Hot N Tots and clios mainly. Fishing the bends and deeper cuts. Also any sizable log jams. Made it as far down as Schoenherr today.

posted using Outdoor Hub Campfire


----------



## nighttime (Nov 25, 2007)

Nice report, I been wanting to throw some hardware recently, it's been a couple years since I've done it for steelhead. I've been stuck on this centerpin for the last few years, it's crazy how much water you can cover with a pin. For salmon we cast stick baits every year, and that's a blast! You can cast your arm off with those things, but when you find agressive fish there's no better! I think I'm going to start casting hardware for a change.

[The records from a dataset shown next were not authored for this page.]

(* Let $n,m\ge1$, $r>0$, let $\varphi_1,\dots,\varphi_n:\mathbb{R}\to[0,\infty)$ be nonnegative functions and $x_1,\dots,x_m\in\mathbb{R}$ such that for each $j$ there is $i$ with $\varphi_i(x_j)>0$. Set $v^1_i=\sqrt{r/n}$ for $i=1,\dots,n$. For $k\ge1$, given $v^k\in[0,\infty)^n$, let $u^k\in[0,\infty)^n$ with $\sum_i(u^k_i)^2=r$ be a point at which $\widehat l^{\,k}(u)=\prod_{j=1}^m\big(\sum_{i=1}^n u_iv^k_i\varphi_i(x_j)\big)$ attains its maximum over the sphere $\{u\in\mathbb{R}^n:\sum_iu_i^2=r\}$; let $\overline\theta^{k+1}>0$ satisfy $(\overline\theta^{k+1})^2\sum_i u^k_iv^k_i=r$ and set $v^{k+1}_i=\overline\theta^{k+1}\sqrt{u^k_iv^k_i}$. Let $w^k_i=|u^k_i-v^k_i|$. Then $\lim_{k\to\infty}w^k_i=0$ for every $i=1,\dots,n$. *)

From HB Require Import structures.
From mathcomp Require Import all_boot all_order all_algebra.
From mathcomp Require Import all_classical all_reals all_analysis.
Set Implicit Arguments. Unset Strict Implicit. Unset Printing Implicit Defensive.
Import Order.TTheory GRing.Theory Num.Theory.
Local Open Scope ring_scope.

Definition lhat (R : realType) (n m : nat) (phi : 'I_n -> R -> R)
  (x : 'I_m -> R) (v u : 'I_n -> R) : R :=
  \prod_(j < m) \sum_(i < n) u i * v i * phi i (x j).

Definition on_sphere (R : realType) (n : nat) (r : R) (u : 'I_n -> R) : Prop :=
  \sum_(i < n) u i ^+ 2 = r.

(** The sequence [G k := lhat (v k) (v k)] is nondecreasing and bounded.
    With [S := <u^k, v^k>] we have [theta^2 S = r], and since [v^(k+1)_i^2] is
    [theta^2 u^k_i v^k_i], substituting into [lhat] gives
    [G (k+1) = theta^(2m) lhat_{v^k}(u^k) >= theta^2 G k], the inequality
    coming from the maximality of [u^k] (tested against [v^k]).  On the other
    hand [|u^k - v^k|^2 = 2 (r - S) = 2 S (theta^2 - 1) <= 2 r (theta^2 - 1)],
    and [theta^2 - 1 <= (G (k+1) - G k) / G 1].  The increments of a convergent
    sequence tend to [0], hence so does [w^k_i]. *)
From HB Require Import structures.
From mathcomp Require Import all_boot all_order all_algebra.
From mathcomp Require Import all_classical all_reals all_analysis.
From mathcomp Require Import ring lra.
Set Implicit Arguments.
Unset Strict Implicit.
Unset Printing Implicit Defensive.
Import Order.TTheory GRing.Theory Num.Theory.
Import numFieldNormedType.Exports.
Local Open Scope classical_set_scope.
Local Open Scope ring_scope.

Section Sphere.
Variables (R : realType) (n : nat) (r : R).

Lemma sphere_sum_sqrB (u w : 'I_n -> R) : on_sphere r u -> on_sphere r w ->
  \sum_(i < n) (u i - w i) ^+ 2 = (r - \sum_(i < n) u i * w i) *+ 2.
Proof.
move=> su sw.
transitivity (\sum_(i < n) (u i ^+ 2 + w i ^+ 2 - (u i * w i) *+ 2)).
  by apply: eq_bigr => i _; rewrite sqrrB; ring.
by rewrite sumrB big_split /= sumrMnl su sw; ring.
Qed.

Lemma sqr_le_sum_sqr (f : 'I_n -> R) (i : 'I_n) :
  f i ^+ 2 <= \sum_(l < n) f l ^+ 2.
Proof. by rewrite (bigD1 i) //= lerDl sumr_ge0 // => l _; apply: sqr_ge0. Qed.

Lemma sphere_sqrB_le (u w : 'I_n -> R) (i : 'I_n) :
  on_sphere r u -> on_sphere r w ->
  (u i - w i) ^+ 2 <= (r - \sum_(l < n) u l * w l) *+ 2.
Proof.
move=> su sw; rewrite -sphere_sum_sqrB //.
exact: (sqr_le_sum_sqr (fun l => u l - w l)).
Qed.

Lemma sphere_dot_le (u w : 'I_n -> R) : on_sphere r u -> on_sphere r w ->
  \sum_(l < n) u l * w l <= r.
Proof.
move=> su sw; rewrite -subr_ge0 -(pmulrn_lge0 _ (isT : (0 < 2)%N)).
by rewrite -sphere_sum_sqrB // sumr_ge0 // => l _; apply: sqr_ge0.
Qed.

Lemma sphere_sqr_le (u : 'I_n -> R) (i : 'I_n) : on_sphere r u -> u i ^+ 2 <= r.
Proof. by move=> <-; apply: sqr_le_sum_sqr. Qed.

End Sphere.

Section Lhat.
Variables (R : realType) (n m : nat) (phi : 'I_n -> R -> R) (x : 'I_m -> R).
Hypothesis phi_ge0 : forall i t, 0 <= phi i t.

Lemma lhat_ge0 (v u : 'I_n -> R) :
  (forall i, 0 <= v i) -> (forall i, 0 <= u i) -> 0 <= lhat phi x v u.
Proof.
move=> v_ge0 u_ge0; apply: prodr_ge0 => j _; apply: sumr_ge0 => i _.
by rewrite !mulr_ge0.
Qed.

Lemma lhat_geometric_mean (v u w : 'I_n -> R) (t : R) :
  (forall i, 0 <= v i) -> (forall i, 0 <= u i) ->
  (forall i, w i = t * Num.sqrt (u i * v i)) ->
  lhat phi x w w = (t ^+ 2) ^+ m * lhat phi x v u.
Proof.
move=> v_ge0 u_ge0 w_def.
rewrite /lhat -[m in _ ^+ m]card_ord -prodr_const -big_split /=.
apply: eq_bigr => j _; rewrite mulr_sumr; apply: eq_bigr => i _.
rewrite w_def mulrACA -expr2 -[Num.sqrt _ * _]expr2 sqr_sqrtr ?mulr_ge0 //.
by ring.
Qed.

Lemma lhat_diag_le_sphere (r : R) (v : 'I_n -> R) :
  (forall i, 0 <= v i) -> on_sphere r v ->
  lhat phi x v v <= \prod_(j < m) \sum_(i < n) r * phi i (x j).
Proof.
move=> v_ge0 sv; apply: ler_prod => j _; apply/andP; split.
  by apply: sumr_ge0 => i _; rewrite !mulr_ge0.
apply: ler_sum => i _; apply: ler_wpM2r => //.
by rewrite -expr2; apply: sphere_sqr_le.
Qed.

Lemma lhat_const_gt0 (c : R) (v : 'I_n -> R) :
  c != 0 -> (forall i, v i = c) ->
  (forall j, exists i, 0 < phi i (x j)) -> 0 < lhat phi x v v.
Proof.
move=> c_neq0 v_const phi_cover; apply: prodr_gt0 => j _.
have [i phi_gt0] := phi_cover j.
have c2_gt0 : 0 < c * c by rewrite -expr2 exprn_even_gt0.
rewrite (bigD1 i) //= !v_const ltr_pwDl ?(mulr_gt0 c2_gt0 phi_gt0) //.
by apply: sumr_ge0 => l _; rewrite v_const mulr_ge0 // ltW.
Qed.

End Lhat.

Lemma cvg0_of_le_increments (R : realType) (G a : R ^nat) (c : R) :
  nondecreasing_seq G -> has_ubound (range G) ->
  (forall k, 0 <= a k <= c * (G k.+1 - G k)) -> a @ \oo --> 0.
Proof.
move=> G_nd G_ub a_bound.
have G_cvg := nondecreasing_cvgn G_nd G_ub.
have incr_cvg0 : (fun k => c * (G k.+1 - G k)) @ \oo --> 0.
  rewrite -(mulr0 c) -(subrr (sup (range G))).
  apply: cvgMl_tmp; apply: cvgB => //.
  by rewrite (cvg_shiftS G).
apply: (squeeze_cvgr _ (cvg_cst 0) incr_cvg0).
exact: nearW.
Qed.

Lemma cvg0_norm_of_sqr (R : realType) (f : R ^nat) :
  (fun k => f k ^+ 2) @ \oo --> 0 -> (fun k => `|f k|) @ \oo --> 0.
Proof.
move=> sqr_cvg0.
have -> : (fun k => `|f k|) = Num.sqrt \o (fun k => f k ^+ 2).
  by apply: funext => k /=; rewrite sqrtr_sqr.
rewrite -(sqrtr0 R); apply: continuous_cvg => //; exact: sqrt_continuous.
Qed.

Section Iteration.
Variables (R : realType) (n m : nat) (r : R) (phi : 'I_n -> R -> R)
  (x : 'I_m -> R) (u v : nat -> 'I_n -> R) (theta : nat -> R).
Hypotheses (n_gt0 : (0 < n)%N) (m_gt0 : (0 < m)%N) (r_gt0 : 0 < r)
  (phi_ge0 : forall i t, 0 <= phi i t)
  (phi_cover : forall j : 'I_m, exists i : 'I_n, 0 < phi i (x j))
  (v_init : forall i, v 1%N i = Num.sqrt (r / n%:R))
  (u_argmax : forall k : nat, (1 <= k)%N ->
     [/\ forall i, 0 <= u k i,
         on_sphere r (u k) &
         forall w : 'I_n -> R, on_sphere r w ->
           lhat phi x (v k) w <= lhat phi x (v k) (u k)])
  (v_next : forall k : nat, (1 <= k)%N ->
     [/\ 0 < theta k.+1,
         theta k.+1 ^+ 2 * (\sum_(i < n) u k i * v k i) = r &
         forall i, v k.+1 i = theta k.+1 * Num.sqrt (u k i * v k i)]).

Let G k := lhat phi x (v k) (v k).

Lemma iterate_v_ge0_on_sphere k :
  (1 <= k)%N -> (forall i, 0 <= v k i) /\ on_sphere r (v k).
Proof.
elim: k => [//|[_ _|k IH _]].
  have rn_ge0 : 0 <= r / n%:R by rewrite divr_ge0 ?ler0n // ltW.
  split=> [i|]; first by rewrite v_init sqrtr_ge0.
  rewrite /on_sphere (eq_bigr (fun _ => r / n%:R)); last first.
    by move=> i _; rewrite v_init sqr_sqrtr.
  by rewrite sumr_const card_ord -[_ *+ n]mulr_natr divfK // pnatr_eq0 -lt0n.
have [v_ge0 v_sphere] := IH isT.
have [u_ge0 _ _] := @u_argmax k.+1 isT.
have [theta_gt0 theta_dot v_def] := @v_next k.+1 isT.
split=> [i|]; first by rewrite v_def mulr_ge0 ?sqrtr_ge0 // ltW.
rewrite /on_sphere -theta_dot mulr_sumr; apply: eq_bigr => i _.
by rewrite v_def exprMn sqr_sqrtr // mulr_ge0.
Qed.

Lemma iterate_dot_bounds k : (1 <= k)%N ->
  0 <= \sum_(i < n) u k i * v k i <= r.
Proof.
move=> k_ge1; have [u_ge0 u_sphere _] := u_argmax k_ge1.
have [v_ge0 v_sphere] := iterate_v_ge0_on_sphere k_ge1.
rewrite sphere_dot_le // andbT.
by apply: sumr_ge0 => i _; apply: mulr_ge0.
Qed.

Lemma iterate_theta_sqr_ge1 k : (1 <= k)%N -> 1 <= theta k.+1 ^+ 2.
Proof.
move=> k_ge1; have [_ theta_dot _] := v_next k_ge1.
have /andP[dot_ge0 dot_le] := iterate_dot_bounds k_ge1.
set S := \sum_(i < n) _ in theta_dot dot_ge0 dot_le.
have S_gt0 : 0 < S.
  by rewrite lt_neqAle dot_ge0 andbT; apply: contraTneq r_gt0 => S0;
    rewrite -theta_dot -S0 mulr0 ltxx.
by rewrite -(ler_pM2r S_gt0) mul1r theta_dot.
Qed.

Lemma iterate_dist_sqr_le k i : (1 <= k)%N ->
  (u k i - v k i) ^+ 2 <= r *+ 2 * (theta k.+1 ^+ 2 - 1).
Proof.
move=> k_ge1; have [_ u_sphere _] := u_argmax k_ge1.
have [_ v_sphere] := iterate_v_ge0_on_sphere k_ge1.
have [_ theta_dot _] := v_next k_ge1.
have /andP[dot_ge0 dot_le] := iterate_dot_bounds k_ge1.
have theta_ge1 := iterate_theta_sqr_ge1 k_ge1.
apply: (le_trans (sphere_sqrB_le i u_sphere v_sphere)).
rewrite -theta_dot !mulr2n; nra.
Qed.

Lemma iterate_G_ge0 k : (1 <= k)%N -> 0 <= G k.
Proof. by move=> /iterate_v_ge0_on_sphere[v_ge0 _]; apply: lhat_ge0. Qed.

Lemma iterate_G1_gt0 : 0 < G 1.
Proof.
apply: lhat_const_gt0 => //; rewrite sqrtr_eq0 -ltNge.
by rewrite divr_gt0 ?ltr0n.
Qed.

Lemma iterate_G_step k : (1 <= k)%N -> theta k.+1 ^+ 2 * G k <= G k.+1.
Proof.
move=> k_ge1; have [u_ge0 _ u_max] := u_argmax k_ge1.
have [v_ge0 v_sphere] := iterate_v_ge0_on_sphere k_ge1.
have [_ _ v_def] := v_next k_ge1.
have theta_ge1 := iterate_theta_sqr_ge1 k_ge1.
rewrite /G (lhat_geometric_mean phi x v_ge0 u_ge0 v_def).
apply: ler_pM; first exact: le_trans ler01 theta_ge1.
- exact: iterate_G_ge0.
- exact: ler_eXnr.
- exact: u_max.
Qed.

Lemma iterate_G_nondecreasing k : (1 <= k)%N -> G k <= G k.+1.
Proof.
move=> k_ge1; apply: le_trans (iterate_G_step k_ge1).
by rewrite ler_peMl ?iterate_G_ge0 ?iterate_theta_sqr_ge1.
Qed.

Lemma iterate_G_ge_G1 k : (1 <= k)%N -> G 1 <= G k.
Proof.
elim: k => [//|[//|k IH] _].
exact: le_trans (IH isT) (@iterate_G_nondecreasing k.+1 isT).
Qed.

Lemma iterate_G_bounded k : (1 <= k)%N ->
  G k <= \prod_(j < m) \sum_(i < n) r * phi i (x j).
Proof.
by move=> /iterate_v_ge0_on_sphere[v_ge0 v_sphere]; apply: lhat_diag_le_sphere.
Qed.

(* [G k >= G 1] turns the multiplicative gain [theta^2] into an additive one. *)
Lemma iterate_dist_sqr_le_increment k i : (1 <= k)%N ->
  (u k i - v k i) ^+ 2 <= r *+ 2 / G 1 * (G k.+1 - G k).
Proof.
move=> k_ge1; apply: le_trans (iterate_dist_sqr_le i k_ge1) _.
rewrite -mulrA ler_pM2l ?pmulrn_lgt0 // mulrC ler_pdivlMr ?iterate_G1_gt0 //.
have := iterate_G_step k_ge1; have := iterate_G_ge_G1 k_ge1.
have := iterate_theta_sqr_ge1 k_ge1; nra.
Qed.

Theorem iterate_dist_cvg0 i : (fun k => `|u k i - v k i|) @ \oo --> 0.
Proof.
apply: cvg0_norm_of_sqr; rewrite -(cvg_shiftS (fun k => (u k i - v k i) ^+ 2)).
apply: (@cvg0_of_le_increments _ (fun k => G k.+1) _ (r *+ 2 / G 1)).
- by apply/nondecreasing_seqP => k; apply: iterate_G_nondecreasing.
- by exists (\prod_(j < m) \sum_(l < n) r * phi l (x j)) => _ [k _ <-];
    apply: iterate_G_bounded.
- move=> k; rewrite sqr_ge0; exact: iterate_dist_sqr_le_increment.
Qed.

End Iteration.

Theorem lemma8 (R : realType) (n m : nat) (r : R)
  (phi : 'I_n -> R -> R) (x : 'I_m -> R)
  (u v : nat -> 'I_n -> R) (theta : nat -> R) :
  (0 < n)%N -> (0 < m)%N -> 0 < r ->
  (forall i t, 0 <= phi i t) ->
  (forall j : 'I_m, exists i : 'I_n, 0 < phi i (x j)) ->
  (forall i, v 1%N i = Num.sqrt (r / n%:R)) ->
  (forall k : nat, (1 <= k)%N ->
     [/\ forall i, 0 <= u k i,
         on_sphere r (u k) &
         forall w : 'I_n -> R, on_sphere r w ->
           lhat phi x (v k) w <= lhat phi x (v k) (u k)]) ->
  (forall k : nat, (1 <= k)%N ->
     [/\ 0 < theta k.+1,
         theta k.+1 ^+ 2 * (\sum_(i < n) u k i * v k i) = r &
         forall i, v k.+1 i = theta k.+1 * Num.sqrt (u k i * v k i)]) ->
  forall i : 'I_n, (fun k : nat => `|u k i - v k i| : R) @ \oo --> 0.
Proof. exact: iterate_dist_cvg0. Qed.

It's a great way of covering water also.
That's a decent walk when you have some time on your side. I see many newbie's just walk and walk past great water.


----------



## mrjimspeaks (Aug 23, 2009)

I was out xmas eve, went 1-1. Big red maribou jig took the fish. After throwing a few cranks through the hole with no luck, I decided to rety a new jig (learning the clinton has not been kind on my jig supply). Fourth or fifth drift through, bobber down fish on. First steel for me on the Clinton, been putting a lot of time in this year though; definitely gotta put in the time. Silly fish almost beached herself with her first run, made the fight pretty quick. I didn't let her get back into the hole, put on a nice surface show for me.

http://imgur.com/a/DCxiF 

I've got a bunch of fresh spawn and will be hitting the river tomorrow. PM me if you're looking for someone to fish with.


----------



## Pikewhisperer (Sep 9, 2011)

Nice fish mrjimspeaks. I went out and braved our falling snow today after work around 3:30 pm on the river. I got to th first spot and the very first cast a very sizable Pike ( 36" +) inhaled my hot n tot right in front of me. Lure gone just like that. Managed this nice girl a half hour later on a Pearl Ghost Fish though.

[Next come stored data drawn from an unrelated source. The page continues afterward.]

(* Let $M(C,\bar\xi,\pi)$ be a Myller configuration with Darboux frame $(\bar\xi,\bar\mu,\bar v)$ and invariants $G,K,T$ such that $(G(s),T(s))\neq(0,0)$ for all $s$, and let $\bar W_r$ be its unit RD-vector field. Then $C$ is a $W_r$-helix in $M$ if and only if $C$ is a $\bar\mu$-helix in $M$.
   Context: Let $C$ be a smooth curve in $E^3$ parametrized by arclength $s$; primes denote $d/ds$. A Myller configuration $M(C,\bar\xi,\pi)$ consists of a smooth unit vector field $\bar\xi$ along $C$ and a smooth oriented plane field $\pi$ with $\bar\xi\in\pi$; $\bar v$ is the unit normal of $\pi$, $\bar\mu=\bar v\times\bar\xi$, and $\bar\xi'=G\bar\mu+K\bar v$, $\bar\mu'=-G\bar\xi+T\bar v$, $\bar v'=-K\bar\xi-T\bar\mu$. The rectifying-type Darboux vector (RD-vector) is $W_r=T\bar\xi+G\bar v$, $\bar W_r=W_r/\|W_r\|$. $C$ is a $W_r$-helix if $\langle\bar W_r,\bar l_r\rangle$ is constant for some constant unit vector $\bar l_r$; $C$ is a $\bar\mu$-helix if $\langle\bar\mu,\bar d_\mu\rangle$ is constant for some constant unit vector $\bar d_\mu$. *)

From Stdlib Require Import Reals.
From Coquelicot Require Import Coquelicot.
Open Scope R_scope.

Definition vec3 : Type := (R * R * R)%type.
Definition vx (u : vec3) : R := fst (fst u).
Definition vy (u : vec3) : R := snd (fst u).
Definition vz (u : vec3) : R := snd u.

Definition vadd (u w : vec3) : vec3 := (vx u + vx w, vy u + vy w, vz u + vz w).
Definition vscale (a : R) (u : vec3) : vec3 := (a * vx u, a * vy u, a * vz u).
Definition vdot (u w : vec3) : R := vx u * vx w + vy u * vy w + vz u * vz w.
Definition vcross (u w : vec3) : vec3 :=
  (vy u * vz w - vz u * vy w,
   vz u * vx w - vx u * vz w,
   vx u * vy w - vy u * vx w).
Definition vnorm (u : vec3) : R := sqrt (vdot u u).

Definition inI (a b s : R) : Prop := a < s < b.

Definition smooth_on (a b : R) (f : R -> vec3) : Prop :=
  forall (n : nat) (s : R), inI a b s ->
    ex_derive_n (fun t => vx (f t)) n s /\
    ex_derive_n (fun t => vy (f t)) n s /\
    ex_derive_n (fun t => vz (f t)) n s.

Definition vderiv (f : R -> vec3) (s : R) (d : vec3) : Prop :=
  is_derive (fun t => vx (f t)) s (vx d) /\
  is_derive (fun t => vy (f t)) s (vy d) /\
  is_derive (fun t => vz (f t)) s (vz d).

(* The plane
   field pi is encoded by its unit normal v (pi = v^perp, oriented by v). *)
Definition myller_config (a b : R) (r xi mu v : R -> vec3) (G K T : R -> R) : Prop :=
  smooth_on a b r /\ smooth_on a b xi /\ smooth_on a b v /\
  (forall s, inI a b s ->
     (exists d, vderiv r s d /\ vnorm d = 1) /\
     vnorm (xi s) = 1 /\ vnorm (v s) = 1 /\ vdot (xi s) (v s) = 0 /\
     mu s = vcross (v s) (xi s) /\
     vderiv xi s (vadd (vscale (G s) (mu s)) (vscale (K s) (v s))) /\
     vderiv mu s (vadd (vscale (- G s) (xi s)) (vscale (T s) (v s))) /\
     vderiv v s (vadd (vscale (- K s) (xi s)) (vscale (- T s) (mu s)))).

Definition Wr (xi v : R -> vec3) (G T : R -> R) (s : R) : vec3 :=
  vadd (vscale (T s) (xi s)) (vscale (G s) (v s)).
Definition Wr_bar (xi v : R -> vec3) (G T : R -> R) (s : R) : vec3 :=
  vscale (/ vnorm (Wr xi v G T s)) (Wr xi v G T s).

Definition is_helix_along (a b : R) (f : R -> vec3) : Prop :=
  exists (l : vec3) (c : R), vnorm l = 1 /\
    forall s, inI a b s -> vdot (f s) l = c.

Definition Wr_helix (a b : R) (xi v : R -> vec3) (G T : R -> R) : Prop :=
  is_helix_along a b (Wr_bar xi v G T).
Definition mu_helix (a b : R) (mu : R -> vec3) : Prop :=
  is_helix_along a b mu.

(* Put m = sqrt (G^2 + T^2) = |W_r| > 0 and n = mu' / m = (- G xi + T v) / m.
   Then (mu, n, W_r/|W_r|) is a Frenet frame of the spherical curve mu:
   mu' = m n, n' = - m mu + tau Wbar_r and Wbar_r' = - tau n, where
   tau = - (K + theta') and theta is the angle of W_r in the (xi, v)-plane.
   So the theorem says that the tangent and the binormal of a Frenet frame make
   constant angles with a fixed direction simultaneously.
   If mu.d is constant then n.d = 0, hence Wbar_r.d is constant. Conversely, if
   Wbar_r.l = c then tau (n.l) = 0. Near a point where tau <> 0, n.l vanishes,
   so mu.l = tau c / m and (mu.l)^2 = 1 - c^2 > 0. Hence the continuous function
   (tau c / m)^2 only takes the values 0 and 1 - c^2: either tau never vanishes,
   and then n.l = 0 and mu.l is constant, or tau vanishes identically, and then
   Wbar_r is constant and orthogonal to mu. *)

From Stdlib Require Import Reals Lra Classical.
From Coquelicot Require Import Coquelicot.
Open Scope R_scope.

(** * Real functions on an open interval *)

Lemma is_derive_eq (f : R -> R) (s d d' : R) :
  is_derive f s d -> d = d' -> is_derive f s d'.
Proof. intros H <-; exact H. Qed.

Lemma is_derive_unique_val (f : R -> R) (s d1 d2 : R) :
  is_derive f s d1 -> is_derive f s d2 -> d1 = d2.
Proof. intros H1 H2; rewrite <- (is_derive_unique f s d1 H1); now apply is_derive_unique. Qed.

(* Coquelicot states these rules over abstract normed modules; on [R -> R] they
   only apply once the functions are given explicitly. *)
Lemma is_derive_Rplus (f g : R -> R) (s df dg : R) :
  is_derive f s df -> is_derive g s dg -> is_derive (fun t => f t + g t) s (df + dg).
Proof. apply (is_derive_plus f g). Qed.

Lemma is_derive_Rmult (f g : R -> R) (s df dg : R) :
  is_derive f s df -> is_derive g s dg ->
  is_derive (fun t => f t * g t) s (df * g s + f s * dg).
Proof. intros Hf Hg; apply (is_derive_mult f g); auto using Rmult_comm. Qed.

Lemma is_derive_Ropp (f : R -> R) (s df : R) :
  is_derive f s df -> is_derive (fun t => - f t) s (- df).
Proof. apply (is_derive_opp f). Qed.

Lemma continuous_Rplus (f g : R -> R) (s : R) :
  continuous f s -> continuous g s -> continuous (fun t => f t + g t) s.
Proof. apply (continuous_plus f g). Qed.

Lemma continuous_Rmult (f g : R -> R) (s : R) :
  continuous f s -> continuous g s -> continuous (fun t => f t * g t) s.
Proof. apply (continuous_mult f g). Qed.

Lemma continuous_Ropp (f : R -> R) (s : R) :
  continuous f s -> continuous (fun t => - f t) s.
Proof. apply (continuous_opp f). Qed.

Hope to get out again tomorrow for a few.

posted using Outdoor Hub Campfire


----------



## FirstDay (Nov 6, 2012)

can't wait to get on the river this weekend! anyone going out friday or saturday?


----------



## Steve_D (Mar 8, 2011)

I'd like to go out Saturday, but it's 50/50 right now. If so, I'll be the guy in green waders, camo jacket, Michigan hat screaming FISH ON!!!!


----------



## Lubbs (Jan 7, 2012)

Depending on how my work goes I might hit the northern part of the Clinton . I haven't been out since the first week of November


----------



## nighttime (Nov 25, 2007)

I managed to get out for a couple hours yesterday, and caught hell from the hole family because I've had bron****is since last Saturday. Sucks being locked down for the holiday's! After pinning spawn for a half hour with no bites, I grabbed the spin cast with a hot n tot and second third cast there it was fish on! I did lose it, the fish cleared the water a few times and took run in to rocks and broke me off. Oh well got the blood pumpin good. I'm hoping to get out this weekend.


----------



## Pikewhisperer (Sep 9, 2011)

That seems to be the norm for me the last 2 days also. 3 break offs. Time for new line.

posted using Outdoor Hub Campfire


----------



## nighttime (Nov 25, 2007)

I have 10# p line on for casting hardware, it's not old I think it was the rocks. It took me in some rapids and with the lower water this year there's more exposed stuff then in past years.


----------



## FirstDay (Nov 6, 2012)

nighttime said:


> I have 10# p line on for casting hardware, it's not old I think it was the rocks. It took me in some rapids and with the lower water this year there's more exposed stuff then in past years.


braided line doesn't fair too well with rocks, rocks are like hot butter to a knife with braid. 

probably can't wont be able to get out on the water this weekend.


----------



## nighttime (Nov 25, 2007)

I've used braid in the past, but prefer clear line. This time of year braided will freeze in a hurry.


----------